=== Section Start ===

(* For every sufficiently large positive integer $C$ the following holds. Let $l_n=(n+C)^3$ for $n\in\{0,1,2,\dots\}$, and let $G=(V,E)$ be the comb graph with vertex set $V=\{(n,l)\in\mathbb{N}_0\times\mathbb{N}_0:\ l\le l_n\}$ and edges $(n,0)\sim(n+1,0)$ and $(n,l)\sim(n,l+1)$ (for all admissible $n,l$). Let $f(n,0)=1/l_n$ and $f(n,l)=0$ for $0<l<l_n$. Define $v:V\to\mathbb{R}$ by $v(0,0)=l_0\sum_{k=0}^\infty \frac1{l_k}$, $v(n,0)=v(n-1,0)+\sum_{k=n}^\infty\frac1{l_k}$ for $n\ge1$, and $v(n,l)=\frac{l_n-l}{l_n}v(n,0)$. Then $v$ is a bounded solution of \[ \begin{cases}\Delta_\infty v(n,l)=-f(n,l), & l<l_n,\\ v(n,l)=0, & l=l_n.\end{cases} \]
   Context: $\mathbb{N}_0=\{0,1,2,\dots\}$. The discrete infinity Laplacian of $w:V\to\mathbb{R}$ is $\Delta_\infty w(x)=\inf_{y\sim x}w(y)+\sup_{y\sim x}w(y)-2w(x)$, where $y\sim x$ means $\{x,y\}\in E$. *)

From HB Require Import structures.
From mathcomp Require Import all_boot all_order all_algebra.
From mathcomp Require Import all_classical all_reals all_analysis.
Unset Printing Implicit Defensive.
Import Order.TTheory GRing.Theory Num.Theory.
Local Open Scope classical_set_scope.
Local Open Scope ring_scope.

Definition lcomb (C n : nat) : nat := ((n + C) ^ 3)%N.

Definition inV (C : nat) (x : nat * nat) : Prop := (x.2 <= lcomb C x.1)%N.

Definition comb_adj (C : nat) (x y : nat * nat) : Prop :=
  inV C x /\ inV C y /\
  ((x.2 = 0%N /\ y.2 = 0%N /\ (y.1 = x.1.+1 \/ x.1 = y.1.+1)) \/
   (x.1 = y.1 /\ (y.2 = x.2.+1 \/ x.2 = y.2.+1))).

Definition inf_laplacian (R : realType) (C : nat) (w : nat * nat -> R)
  (x : nat * nat) : R :=
  inf [set w y | y in [set y | comb_adj C x y]]
  + sup [set w y | y in [set y | comb_adj C x y]] - 2 * w x.

Definition fcomb (R : realType) (C : nat) (x : nat * nat) : R :=
  if x.2 == 0%N then 1 / (lcomb C x.1)%:R else 0.

Definition tailS (R : realType) (C n : nat) : R :=
  limn (fun N : nat => \sum_(n <= k < N) (1 / (lcomb C k)%:R : R)).

Fixpoint vbase (R : realType) (C n : nat) : R :=
  match n with
  | 0%N => (lcomb C 0)%:R * tailS R C 0
  | m.+1 => vbase R C m + tailS R C m.+1
  end.

Definition vcomb (R : realType) (C : nat) (x : nat * nat) : R :=
  (((lcomb C x.1)%:R - (x.2)%:R) / (lcomb C x.1)%:R) * vbase R C x.1.

From HB Require Import structures.
From mathcomp Require Import all_boot all_order all_algebra.
From mathcomp Require Import all_classical all_reals all_analysis.
From mathcomp Require Import ring lra zify.
Import Order.TTheory GRing.Theory Num.Theory.
Local Open Scope ring_scope.
(* Let $A\in\mathbb{R}^{n\times d}$ and let $k$ be a positive integer. Then $$\sum_{i=1}^{d}\bar\tau_i(A)\le 2k.$$
   Context: $A$ has columns $a_1,\dots,a_d$. $A_k$ denotes a best rank-$k$ approximation of $A$ in Frobenius norm (obtained from a truncated SVD), so $\|A-A_k\|_F^2=\sum_{j>k}\sigma_j(A)^2$. $M^+$ denotes the Moore–Penrose pseudoinverse. The ($k$-)ridge leverage score of the $i$-th column of $A$ is $$\bar\tau_i(A)=a_i^T\Big(AA^T+\tfrac{\|A-A_k\|_F^2}{k}I_n\Big)^+a_i .$$ *)

From HB Require Import structures.
From mathcomp Require Import all_boot all_order all_algebra.
Set Implicit Arguments. Unset Strict Implicit. Unset Printing Implicit Defensive.
Import Order.TTheory GRing.Theory Num.Theory.
Local Open Scope ring_scope.

Definition frob2 (R : rcfType) (m n : nat) (M : 'M[R]_(m, n)) : R :=
  \sum_(i < m) \sum_(j < n) (M i j) ^+ 2.

Definition best_rank_approx (R : rcfType) (n d k : nat) (A Ak : 'M[R]_(n, d)) : Prop :=
  (\rank Ak <= k)%N /\
  forall B : 'M[R]_(n, d), (\rank B <= k)%N -> frob2 (A - Ak) <= frob2 (A - B).

Definition is_pinv (R : rcfType) (m n : nat) (M : 'M[R]_(m, n)) (P : 'M[R]_(n, m)) : Prop :=
  [/\ M *m P *m M = M, P *m M *m P = P,
      (M *m P)^T = M *m P & (P *m M)^T = P *m M].

Definition ridge_mx (R : rcfType) (n d k : nat) (A Ak : 'M[R]_(n, d)) : 'M[R]_n :=
  A *m A^T + (frob2 (A - Ak) / k%:R)%:M.

Definition quad_col (R : rcfType) (n d : nat) (A : 'M[R]_(n, d)) (P : 'M[R]_n) (i : 'I_d) : R :=
  ((col i A)^T *m P *m col i A) ord0 ord0.

From HB Require Import structures.
From mathcomp Require Import all_boot all_order all_algebra.
From mathcomp Require Import ring lra.
Set Implicit Arguments. Unset Strict Implicit. Unset Printing Implicit Defensive.
Import Order.TTheory GRing.Theory Num.Theory.
Local Open Scope ring_scope.

(* Write Z = P A and lam = ||A - A_k||_F^2 / k. The Penrose identity P = P M P
   and the symmetry of P give tr(A^T P A) = ||A^T Z||^2 + lam ||Z||^2 =: u + v.
   Split A = A Pi + (A - A_k)(1 - Pi), with Pi the orthogonal projection onto
   the row space of A_k, whose Frobenius norm is sqrt(rank A_k). By
   Cauchy-Schwarz the two parts of tr(A^T Z) are at most sqrt(k u) and
   ||A - A_k||_F ||Z|| = sqrt(k v), so (u + v)^2 <= 2k (u + v), i.e.
   u + v <= 2k. *)

Lemma split_sum_le_double (R : realFieldType) (a b u v K : R) :
  0 <= K -> a ^+ 2 <= K * u -> b ^+ 2 <= K * v -> a + b = u + v ->
  u + v <= 2 * K.
Proof.
move=> K_ge0 a_le b_le abE.
have : (u + v) ^+ 2 <= 2 * K * (u + v).
  by rewrite -{1}abE; have := sqr_ge0 (a - b); lra.
nra.
Qed.

Section FrobeniusDot.
Variable R : realFieldType.

Definition mxdot m n (X Y : 'M[R]_(m, n)) : R := \tr (X^T *m Y).

Lemma mxdotE m n (X Y : 'M[R]_(m, n)) :
  mxdot X Y = \sum_(j < n) \sum_(i < m) X i j * Y i j.
Proof.
by apply: eq_bigr => j _; rewrite mxE; apply: eq_bigr => i _; rewrite mxE.
Qed.

Lemma mxdotC m n (X Y : 'M[R]_(m, n)) : mxdot X Y = mxdot Y X.
Proof. by rewrite /mxdot -mxtrace_tr trmx_mul trmxK. Qed.

Lemma mxdotDr m n (X Y Z : 'M[R]_(m, n)) : mxdot X (Y + Z) = mxdot X Y + mxdot X Z.
Proof. by rewrite /mxdot mulmxDr mxtraceD. Qed.

Lemma mxdotNr m n (X Y : 'M[R]_(m, n)) : mxdot X (- Y) = - mxdot X Y.
Proof. by rewrite /mxdot mulmxN linearN. Qed.

Lemma mxdotZr m n (X Y : 'M[R]_(m, n)) a : mxdot X (a *: Y) = a * mxdot X Y.
Proof. by rewrite /mxdot -scalemxAr mxtraceZ. Qed.

Lemma mxdotDl m n (X Y Z : 'M[R]_(m, n)) : mxdot (Y + Z) X = mxdot Y X + mxdot Z X.
Proof. by rewrite mxdotC mxdotDr !(mxdotC X). Qed.

Lemma mxdotNl m n (X Y : 'M[R]_(m, n)) : mxdot (- Y) X = - mxdot Y X.
Proof. by rewrite mxdotC mxdotNr mxdotC. Qed.

Lemma mxdotZl m n (X Y : 'M[R]_(m, n)) a : mxdot (a *: Y) X = a * mxdot Y X.
Proof. by rewrite mxdotC mxdotZr mxdotC. Qed.

Lemma mxdot_mull m n p (X : 'M[R]_(m, p)) (B : 'M[R]_(m, n)) (Y : 'M[R]_(n, p)) :
  mxdot X (B *m Y) = mxdot (B^T *m X) Y.
Proof. by rewrite /mxdot trmx_mul trmxK mulmxA. Qed.

Lemma mxdot_mulr m n p (X : 'M[R]_(m, n)) (Y : 'M[R]_(m, p)) (W : 'M[R]_(p, n)) :
  mxdot X (Y *m W) = mxdot (X *m W^T) Y.
Proof. by rewrite /mxdot mulmxA mxtrace_mulC trmx_mul trmxK mulmxA. Qed.

Lemma mxdot_ge0 m n (X : 'M[R]_(m, n)) : 0 <= mxdot X X.
Proof. by rewrite mxdotE; do 2![apply: sumr_ge0 => ? _]; rewrite -expr2 sqr_ge0. Qed.

Lemma mxdot_eq0 m n (X : 'M[R]_(m, n)) : mxdot X X = 0 -> X = 0.
Proof.
have sqr_ge0' (x : R) : 0 <= x * x by rewrite -expr2 sqr_ge0.
rewrite mxdotE => X0; apply/matrixP => i j; rewrite mxE.
have colj0 := psumr_eq0P
  (fun j _ => sumr_ge0 _ (fun i _ => sqr_ge0' (X i j))) X0 (i := j) isT.
have /eqP := psumr_eq0P (fun i _ => sqr_ge0' (X i j)) colj0 (i := i) isT.
by rewrite mulf_eq0 orbb => /eqP.
Qed.

Lemma mxdot_CauchySchwarz m n (X Y : 'M[R]_(m, n)) :
  mxdot X Y ^+ 2 <= mxdot X X * mxdot Y Y.
Proof.
have [->|nzY] := eqVneq Y 0.
  by rewrite /mxdot !(mulmx0, trmx0, mul0mx) linear0 expr0n mulr0.
set a := mxdot X Y; set b := mxdot Y Y; set c := mxdot X X.
have b_gt0 : 0 < b.
  by rewrite lt_def mxdot_ge0 andbT; apply: contraNneq nzY => /mxdot_eq0 ->.
have : 0 <= mxdot (b *: X - a *: Y) (b *: X - a *: Y) by exact: mxdot_ge0.
have -> : mxdot (b *: X - a *: Y) (b *: X - a *: Y) = b * (c * b - a ^+ 2).
  rewrite !(mxdotDr, mxdotDl, mxdotNr, mxdotNl, mxdotZr, mxdotZl) (mxdotC Y X).
  rewrite -/a -/b -/c; ring.
by rewrite pmulr_rge0 // subr_ge0 mulrC.
Qed.

Lemma mxdot_mul_proj_le m n (X : 'M[R]_(m, n)) (Q : 'M[R]_n) :
  Q^T = Q -> Q *m Q = Q -> mxdot (X *m Q) (X *m Q) <= mxdot X X.
Proof.
move=> QT QQ.
have XQ : mxdot (X *m Q) (X *m Q) = mxdot X (X *m Q).
  by rewrite mxdot_mulr QT -mulmxA QQ mxdotC.
have := mxdot_ge0 (X - X *m Q).
rewrite !(mxdotDr, mxdotDl, mxdotNr, mxdotNl) (mxdotC (X *m Q) X) XQ.
lra.
Qed.

Lemma mulmx_gram0 r s p (K : 'M[R]_(r, s)) (B : 'M[R]_(s, p)) :
  K *m (B *m B^T) = 0 -> K *m B = 0.
Proof.
move=> KBB0; apply: trmx_inj; rewrite trmx0; apply: mxdot_eq0.
by rewrite /mxdot trmxK trmx_mul mulmxA -(mulmxA K) KBB0 mul0mx linear0.
Qed.

Lemma row_free_gram_unit r p (B : 'M[R]_(r, p)) :
  row_free B -> B *m B^T \in unitmx.
Proof.
move=> freeB; rewrite -row_free_unit -kermx_eq0; apply/eqP.
apply: (row_free_inj freeB); rewrite mul0mx.
exact/mulmx_gram0/mulmx_ker.
Qed.

Definition orthoproj r n (B : 'M[R]_(r, n)) : 'M[R]_n :=
  B^T *m invmx (B *m B^T) *m B.

Section Orthoproj.
Variables (r n : nat) (B : 'M[R]_(r, n)).
Hypothesis freeB : row_free B.
Let gram_unit : B *m B^T \in unitmx := row_free_gram_unit freeB.

Lemma orthoproj_fix m (C : 'M[R]_(m, n)) : (C <= B)%MS -> C *m orthoproj B = C.
Proof.
case/submxP=> D ->.
by rewrite /orthoproj -!mulmxA (mulmxA B) (mulmxA (B *m B^T)) mulmxV // mul1mx.
Qed.

Lemma orthoproj_sym : (orthoproj B)^T = orthoproj B.
Proof.
by rewrite /orthoproj !trmx_mul trmxK trmx_inv trmx_mul trmxK mulmxA.
Qed.

Lemma orthoproj_idem : orthoproj B *m orthoproj B = orthoproj B.
Proof. exact/orthoproj_fix/submxMl. Qed.

Lemma mxtrace_orthoproj : \tr (orthoproj B) = r%:R.
Proof. by rewrite /orthoproj mxtrace_mulC mulmxA mulmxV // mxtrace1. Qed.

End Orthoproj.

Lemma mxdot_low_rank_split n d (A Ak Z : 'M[R]_(n, d)) :
  exists a b, [/\ mxdot A Z = a + b,
    a ^+ 2 <= (\rank Ak)%:R * mxdot (A^T *m Z) (A^T *m Z) &
    b ^+ 2 <= mxdot (A - Ak) (A - Ak) * mxdot Z Z].
Proof.
have freeB := row_base_free Ak.
set Pi := orthoproj (row_base Ak); set Q := 1%:M - Pi.
have AkPi : Ak *m Pi = Ak by apply: orthoproj_fix; rewrite ?eq_row_base.
have QT : Q^T = Q by rewrite /Q linearB /= trmx1 orthoproj_sym.
have QQ : Q *m Q = Q.
  by rewrite /Q mulmxBr mulmx1 mulmxBl mul1mx orthoproj_idem // subrr subr0.
have AQ : A *m Q = (A - Ak) *m Q.
  by rewrite mulmxBl [Ak *m Q]mulmxBr mulmx1 AkPi subrr subr0.
exists (mxdot Pi (A^T *m Z)), (mxdot ((A - Ak) *m Q) Z); split.
- have {1}-> : A = A *m Pi + A *m Q by rewrite /Q mulmxBr mulmx1 addrC subrK.
  by rewrite mxdotDl AQ mxdot_mull trmxK.
- apply: le_trans (mxdot_CauchySchwarz _ _) _.
  apply: ler_wpM2r; first exact: mxdot_ge0.
  by rewrite /mxdot orthoproj_sym orthoproj_idem // mxtrace_orthoproj.
- apply: le_trans (mxdot_CauchySchwarz _ _) _.
  apply: ler_wpM2r; first exact: mxdot_ge0.
  exact: mxdot_mul_proj_le.
Qed.

End FrobeniusDot.

Section RidgeLeverage.
Variable R : rcfType.

Lemma frob2_mxdot m n (X : 'M[R]_(m, n)) : frob2 X = mxdot X X.
Proof.
rewrite mxdotE /frob2 exchange_big.
by apply: eq_bigr => j _; apply: eq_bigr => i _; rewrite expr2.
Qed.

Lemma sum_quad_col n d (A : 'M[R]_(n, d)) (P : 'M[R]_n) :
  \sum_(i < d) quad_col A P i = mxdot A (P *m A).
Proof.
rewrite /mxdot mulmxA; apply: eq_bigr => i _.
rewrite /quad_col !mxE; apply: eq_bigr => j _; rewrite !mxE; congr (_ * _).
by apply: eq_bigr => l _; rewrite !mxE.
Qed.

Lemma pinv_sym n (M P : 'M[R]_n) : M^T = M -> is_pinv M P -> P^T = P.
Proof.
move=> MT [MPM PMP MPT PMT].
have PTM : P^T *m M = M *m P by rewrite -MPT trmx_mul MT.
have MPT' : M *m P^T = P *m M by rewrite -PMT trmx_mul MT.
have PPM : P *m P *m M = P.
  have P_eq : P = P *m P^T *m M by rewrite -mulmxA PTM mulmxA PMP.
  rewrite [RHS]P_eq -[in RHS]MPM !mulmxA -(mulmxA P P^T M) PTM !mulmxA.
  by rewrite PMP.
have PMPT : P *m M *m P^T = P by rewrite -mulmxA MPT' mulmxA PPM.
by rewrite -[in LHS]PMPT !trmx_mul trmxK MT mulmxA PMPT.
Qed.

Lemma pinv_shifted_gram_dot n d (A : 'M[R]_(n, d)) (lam : R) (P : 'M[R]_n) :
  is_pinv (A *m A^T + lam%:M) P ->
  mxdot A (P *m A) =
    mxdot (A^T *m (P *m A)) (A^T *m (P *m A)) + lam * mxdot (P *m A) (P *m A).
Proof.
move=> pinvP; have PT : P^T = P.
  by apply: pinv_sym pinvP; rewrite linearD /= trmx_mul trmxK tr_scalar_mx.
case: pinvP => _ PMP _ _.
rewrite -{1}PMP -!mulmxA mxdot_mull PT.
by rewrite mulmxDl mul_scalar_mx mxdotDr mxdotZr -mulmxA mxdot_mull.
Qed.

End RidgeLeverage.

Theorem mainTheorem1 (R : rcfType) (n d k : nat) (A Ak : 'M[R]_(n, d))
    (P : 'M[R]_n) :
  (0 < k)%N ->
  best_rank_approx k A Ak ->
  is_pinv (ridge_mx k A Ak) P ->
  \sum_(i < d) quad_col A P i <= 2 * k%:R.
Proof.
move=> k_gt0 [rk_Ak _] pinvP.
set lam := frob2 (A - Ak) / k%:R.
have k_lam : k%:R * lam = mxdot (A - Ak) (A - Ak).
  by rewrite mulrC divfK ?frob2_mxdot // pnatr_eq0 -lt0n.
have := pinv_shifted_gram_dot pinvP; rewrite -/lam => dotE.
have [a [b [abE a_le b_le]]] := mxdot_low_rank_split A Ak (P *m A).
rewrite sum_quad_col dotE; apply: (split_sum_le_double (a := a) (b := b)).
- exact: ler0n.
- apply: le_trans a_le _; apply: ler_wpM2r; rewrite ?ler_nat //.
  exact: mxdot_ge0.
- by rewrite mulrA k_lam.
- by rewrite -dotE.
Qed.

=== Section End ===

● Exercise requirements
Read the entries and select each line where the word "mulrC" is found.

● Written response
by rewrite pmulr_rge0 // subr_ge0 mulrC.
  by rewrite mulrC divfK ?frob2_mxdot // pnatr_eq0 -lt0n.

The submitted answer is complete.